Supplied data:
+===+

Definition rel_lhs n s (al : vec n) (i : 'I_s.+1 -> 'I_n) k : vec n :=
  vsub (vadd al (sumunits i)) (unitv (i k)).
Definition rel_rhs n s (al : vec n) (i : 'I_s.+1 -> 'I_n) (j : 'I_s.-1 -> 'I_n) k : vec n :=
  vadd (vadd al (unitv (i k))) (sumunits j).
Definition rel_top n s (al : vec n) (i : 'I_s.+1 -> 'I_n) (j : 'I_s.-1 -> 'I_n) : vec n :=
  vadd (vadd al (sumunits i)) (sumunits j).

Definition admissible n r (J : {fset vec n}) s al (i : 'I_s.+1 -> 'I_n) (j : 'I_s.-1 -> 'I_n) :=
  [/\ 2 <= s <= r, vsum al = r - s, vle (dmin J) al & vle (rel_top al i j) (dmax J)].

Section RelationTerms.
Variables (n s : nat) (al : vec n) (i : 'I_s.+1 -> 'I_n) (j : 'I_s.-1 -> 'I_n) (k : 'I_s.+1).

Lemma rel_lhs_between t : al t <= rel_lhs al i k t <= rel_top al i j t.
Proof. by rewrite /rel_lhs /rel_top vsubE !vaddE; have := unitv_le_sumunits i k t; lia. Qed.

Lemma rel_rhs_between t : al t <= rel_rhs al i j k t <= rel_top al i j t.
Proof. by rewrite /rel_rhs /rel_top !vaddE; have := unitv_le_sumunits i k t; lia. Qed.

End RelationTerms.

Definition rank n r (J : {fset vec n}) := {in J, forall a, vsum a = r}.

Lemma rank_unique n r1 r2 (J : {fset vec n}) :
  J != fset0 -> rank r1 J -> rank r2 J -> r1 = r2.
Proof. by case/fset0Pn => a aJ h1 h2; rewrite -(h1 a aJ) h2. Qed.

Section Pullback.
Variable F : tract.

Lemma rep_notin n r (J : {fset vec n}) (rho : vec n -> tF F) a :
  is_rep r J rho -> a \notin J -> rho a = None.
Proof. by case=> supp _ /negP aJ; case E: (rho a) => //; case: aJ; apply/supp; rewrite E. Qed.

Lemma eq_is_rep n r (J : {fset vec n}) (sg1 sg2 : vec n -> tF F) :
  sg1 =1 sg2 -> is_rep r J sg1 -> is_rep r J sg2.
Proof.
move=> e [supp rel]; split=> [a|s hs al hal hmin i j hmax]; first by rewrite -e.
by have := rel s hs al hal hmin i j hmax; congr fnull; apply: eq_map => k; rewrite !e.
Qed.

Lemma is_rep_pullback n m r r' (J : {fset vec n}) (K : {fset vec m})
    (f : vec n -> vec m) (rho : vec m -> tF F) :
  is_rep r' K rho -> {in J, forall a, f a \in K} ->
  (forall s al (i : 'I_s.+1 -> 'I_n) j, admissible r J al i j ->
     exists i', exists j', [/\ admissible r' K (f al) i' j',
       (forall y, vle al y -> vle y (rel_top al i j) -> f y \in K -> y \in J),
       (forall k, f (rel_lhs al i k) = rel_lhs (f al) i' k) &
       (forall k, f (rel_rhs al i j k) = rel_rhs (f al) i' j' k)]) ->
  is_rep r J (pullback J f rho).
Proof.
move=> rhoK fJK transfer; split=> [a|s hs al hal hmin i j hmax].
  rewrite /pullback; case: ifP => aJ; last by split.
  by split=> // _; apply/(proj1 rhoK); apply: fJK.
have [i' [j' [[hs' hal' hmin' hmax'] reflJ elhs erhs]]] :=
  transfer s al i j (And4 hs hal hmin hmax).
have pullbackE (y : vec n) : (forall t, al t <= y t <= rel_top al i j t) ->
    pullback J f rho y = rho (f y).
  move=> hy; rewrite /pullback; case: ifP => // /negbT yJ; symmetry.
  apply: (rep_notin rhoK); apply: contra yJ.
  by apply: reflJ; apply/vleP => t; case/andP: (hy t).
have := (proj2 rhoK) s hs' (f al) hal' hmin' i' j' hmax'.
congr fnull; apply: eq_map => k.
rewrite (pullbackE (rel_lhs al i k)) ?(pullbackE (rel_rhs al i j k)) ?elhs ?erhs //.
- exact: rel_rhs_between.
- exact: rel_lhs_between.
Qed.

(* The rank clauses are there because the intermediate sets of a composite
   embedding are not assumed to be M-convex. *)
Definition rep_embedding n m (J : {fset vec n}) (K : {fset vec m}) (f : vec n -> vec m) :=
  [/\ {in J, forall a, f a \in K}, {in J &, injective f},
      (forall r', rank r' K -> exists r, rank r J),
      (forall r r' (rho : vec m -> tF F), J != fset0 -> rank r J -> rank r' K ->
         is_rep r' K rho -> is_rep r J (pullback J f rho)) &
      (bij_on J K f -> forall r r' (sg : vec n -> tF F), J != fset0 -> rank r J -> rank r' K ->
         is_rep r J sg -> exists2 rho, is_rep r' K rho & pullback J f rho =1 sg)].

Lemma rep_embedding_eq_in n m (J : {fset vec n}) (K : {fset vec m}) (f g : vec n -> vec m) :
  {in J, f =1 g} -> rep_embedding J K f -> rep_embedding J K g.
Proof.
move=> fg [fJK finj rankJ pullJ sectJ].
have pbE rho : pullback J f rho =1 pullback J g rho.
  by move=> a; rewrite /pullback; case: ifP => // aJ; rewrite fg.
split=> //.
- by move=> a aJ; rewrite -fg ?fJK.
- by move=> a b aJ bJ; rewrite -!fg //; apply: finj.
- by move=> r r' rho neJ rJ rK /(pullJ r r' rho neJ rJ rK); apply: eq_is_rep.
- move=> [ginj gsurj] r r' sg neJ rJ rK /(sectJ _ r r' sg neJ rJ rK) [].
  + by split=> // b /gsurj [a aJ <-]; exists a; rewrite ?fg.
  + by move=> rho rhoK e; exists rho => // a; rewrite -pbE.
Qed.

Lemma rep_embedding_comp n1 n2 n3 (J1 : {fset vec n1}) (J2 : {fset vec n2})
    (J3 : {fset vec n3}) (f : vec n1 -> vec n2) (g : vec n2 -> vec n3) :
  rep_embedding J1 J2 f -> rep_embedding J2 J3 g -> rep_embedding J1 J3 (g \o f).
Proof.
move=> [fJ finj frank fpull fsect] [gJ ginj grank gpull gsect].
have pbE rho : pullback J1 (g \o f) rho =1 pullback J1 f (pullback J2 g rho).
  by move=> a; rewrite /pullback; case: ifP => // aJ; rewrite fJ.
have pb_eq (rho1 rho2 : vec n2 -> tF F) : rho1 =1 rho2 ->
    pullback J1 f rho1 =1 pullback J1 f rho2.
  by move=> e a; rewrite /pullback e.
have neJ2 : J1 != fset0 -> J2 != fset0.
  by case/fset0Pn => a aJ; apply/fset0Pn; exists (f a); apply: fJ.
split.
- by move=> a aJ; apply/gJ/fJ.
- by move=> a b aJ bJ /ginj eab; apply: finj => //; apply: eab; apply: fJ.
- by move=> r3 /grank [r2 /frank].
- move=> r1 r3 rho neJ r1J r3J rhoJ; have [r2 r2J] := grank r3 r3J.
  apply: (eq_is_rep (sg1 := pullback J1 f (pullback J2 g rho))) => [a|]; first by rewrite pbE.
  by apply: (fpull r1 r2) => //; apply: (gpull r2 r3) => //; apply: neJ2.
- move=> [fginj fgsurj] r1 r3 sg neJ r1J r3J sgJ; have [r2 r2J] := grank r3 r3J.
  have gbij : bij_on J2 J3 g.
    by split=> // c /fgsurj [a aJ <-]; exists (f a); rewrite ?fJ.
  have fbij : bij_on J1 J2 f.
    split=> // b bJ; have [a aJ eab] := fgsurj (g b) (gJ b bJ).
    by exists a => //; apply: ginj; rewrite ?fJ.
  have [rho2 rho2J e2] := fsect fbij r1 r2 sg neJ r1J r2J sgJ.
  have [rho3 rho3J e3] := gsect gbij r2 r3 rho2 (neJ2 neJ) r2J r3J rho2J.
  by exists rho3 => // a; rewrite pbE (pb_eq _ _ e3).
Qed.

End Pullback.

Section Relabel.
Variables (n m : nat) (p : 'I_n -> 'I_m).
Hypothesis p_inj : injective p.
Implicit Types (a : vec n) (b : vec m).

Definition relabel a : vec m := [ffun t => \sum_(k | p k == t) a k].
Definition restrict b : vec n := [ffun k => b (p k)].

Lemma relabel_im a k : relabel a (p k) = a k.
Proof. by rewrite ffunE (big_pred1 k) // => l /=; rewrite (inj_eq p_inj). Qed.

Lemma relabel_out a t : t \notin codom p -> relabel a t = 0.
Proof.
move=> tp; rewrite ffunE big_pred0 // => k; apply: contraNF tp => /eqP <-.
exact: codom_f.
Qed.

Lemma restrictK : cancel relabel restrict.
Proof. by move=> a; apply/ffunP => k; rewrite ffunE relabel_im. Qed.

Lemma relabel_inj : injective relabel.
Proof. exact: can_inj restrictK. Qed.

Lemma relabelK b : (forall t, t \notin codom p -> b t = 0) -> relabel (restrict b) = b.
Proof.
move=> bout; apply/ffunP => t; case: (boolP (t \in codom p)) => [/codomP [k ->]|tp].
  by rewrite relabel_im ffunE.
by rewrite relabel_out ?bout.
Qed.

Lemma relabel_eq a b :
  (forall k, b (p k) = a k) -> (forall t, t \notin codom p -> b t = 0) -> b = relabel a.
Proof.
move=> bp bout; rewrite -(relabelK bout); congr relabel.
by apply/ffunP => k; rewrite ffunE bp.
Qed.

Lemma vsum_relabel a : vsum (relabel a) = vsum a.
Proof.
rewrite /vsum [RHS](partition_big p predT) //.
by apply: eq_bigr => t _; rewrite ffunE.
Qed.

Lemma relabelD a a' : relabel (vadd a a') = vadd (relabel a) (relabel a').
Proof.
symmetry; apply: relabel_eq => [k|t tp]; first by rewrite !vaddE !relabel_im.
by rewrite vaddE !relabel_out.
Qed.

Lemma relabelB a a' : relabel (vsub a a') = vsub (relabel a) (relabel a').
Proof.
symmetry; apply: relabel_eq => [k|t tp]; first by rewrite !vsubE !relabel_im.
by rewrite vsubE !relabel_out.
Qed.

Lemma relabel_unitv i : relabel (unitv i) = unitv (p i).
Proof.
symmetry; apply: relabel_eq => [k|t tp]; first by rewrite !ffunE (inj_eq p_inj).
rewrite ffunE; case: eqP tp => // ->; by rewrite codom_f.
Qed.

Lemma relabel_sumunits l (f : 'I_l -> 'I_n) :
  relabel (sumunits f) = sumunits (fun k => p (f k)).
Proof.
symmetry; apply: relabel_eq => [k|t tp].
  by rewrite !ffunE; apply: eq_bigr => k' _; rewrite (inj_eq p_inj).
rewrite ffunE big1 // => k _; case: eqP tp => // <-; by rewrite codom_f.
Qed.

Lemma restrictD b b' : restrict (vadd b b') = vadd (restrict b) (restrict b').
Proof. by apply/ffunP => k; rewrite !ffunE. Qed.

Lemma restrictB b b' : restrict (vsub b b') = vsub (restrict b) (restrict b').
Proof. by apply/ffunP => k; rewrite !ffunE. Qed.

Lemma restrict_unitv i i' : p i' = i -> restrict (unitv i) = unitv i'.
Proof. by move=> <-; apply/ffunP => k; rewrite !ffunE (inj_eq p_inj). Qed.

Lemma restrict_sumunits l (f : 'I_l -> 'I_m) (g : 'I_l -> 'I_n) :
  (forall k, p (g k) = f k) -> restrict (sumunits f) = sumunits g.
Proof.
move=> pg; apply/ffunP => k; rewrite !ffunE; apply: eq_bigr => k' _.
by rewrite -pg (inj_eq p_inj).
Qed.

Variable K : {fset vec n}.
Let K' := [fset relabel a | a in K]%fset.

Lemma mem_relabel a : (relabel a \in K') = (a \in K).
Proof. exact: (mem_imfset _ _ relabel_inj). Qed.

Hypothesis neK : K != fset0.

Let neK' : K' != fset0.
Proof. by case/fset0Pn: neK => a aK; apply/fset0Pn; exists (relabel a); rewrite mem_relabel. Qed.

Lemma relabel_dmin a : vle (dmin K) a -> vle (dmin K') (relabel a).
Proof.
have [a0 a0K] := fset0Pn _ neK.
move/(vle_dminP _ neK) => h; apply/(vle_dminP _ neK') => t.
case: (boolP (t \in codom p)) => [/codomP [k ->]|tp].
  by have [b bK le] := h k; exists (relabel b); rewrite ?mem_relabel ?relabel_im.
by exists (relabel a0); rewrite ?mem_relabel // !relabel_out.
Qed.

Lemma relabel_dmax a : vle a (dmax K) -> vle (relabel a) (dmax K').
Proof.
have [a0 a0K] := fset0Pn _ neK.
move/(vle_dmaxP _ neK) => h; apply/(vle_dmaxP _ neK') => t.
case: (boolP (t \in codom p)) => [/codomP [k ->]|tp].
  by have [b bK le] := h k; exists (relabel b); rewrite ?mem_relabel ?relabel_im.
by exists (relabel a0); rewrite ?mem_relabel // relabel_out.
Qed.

+===+

What you should do: Of the lines above, extract only those from the line with "symmetry; apply: relabel_eq => [k|t tp]; first by rewrite !ffunE" to the line with "Let neK' : K' != fset0.", both included, exactly as written.

Task answer:
symmetry; apply: relabel_eq => [k|t tp]; first by rewrite !ffunE (inj_eq p_inj).
rewrite ffunE; case: eqP tp => // ->; by rewrite codom_f.
Qed.

Lemma relabel_sumunits l (f : 'I_l -> 'I_n) :
  relabel (sumunits f) = sumunits (fun k => p (f k)).
Proof.
symmetry; apply: relabel_eq => [k|t tp].
  by rewrite !ffunE; apply: eq_bigr => k' _; rewrite (inj_eq p_inj).
rewrite ffunE big1 // => k _; case: eqP tp => // <-; by rewrite codom_f.
Qed.

Lemma restrictD b b' : restrict (vadd b b') = vadd (restrict b) (restrict b').
Proof. by apply/ffunP => k; rewrite !ffunE. Qed.

Lemma restrictB b b' : restrict (vsub b b') = vsub (restrict b) (restrict b').
Proof. by apply/ffunP => k; rewrite !ffunE. Qed.

Lemma restrict_unitv i i' : p i' = i -> restrict (unitv i) = unitv i'.
Proof. by move=> <-; apply/ffunP => k; rewrite !ffunE (inj_eq p_inj). Qed.

Lemma restrict_sumunits l (f : 'I_l -> 'I_m) (g : 'I_l -> 'I_n) :
  (forall k, p (g k) = f k) -> restrict (sumunits f) = sumunits g.
Proof.
move=> pg; apply/ffunP => k; rewrite !ffunE; apply: eq_bigr => k' _.
by rewrite -pg (inj_eq p_inj).
Qed.

Variable K : {fset vec n}.
Let K' := [fset relabel a | a in K]%fset.

Lemma mem_relabel a : (relabel a \in K') = (a \in K).
Proof. exact: (mem_imfset _ _ relabel_inj). Qed.

Hypothesis neK : K != fset0.

Let neK' : K' != fset0.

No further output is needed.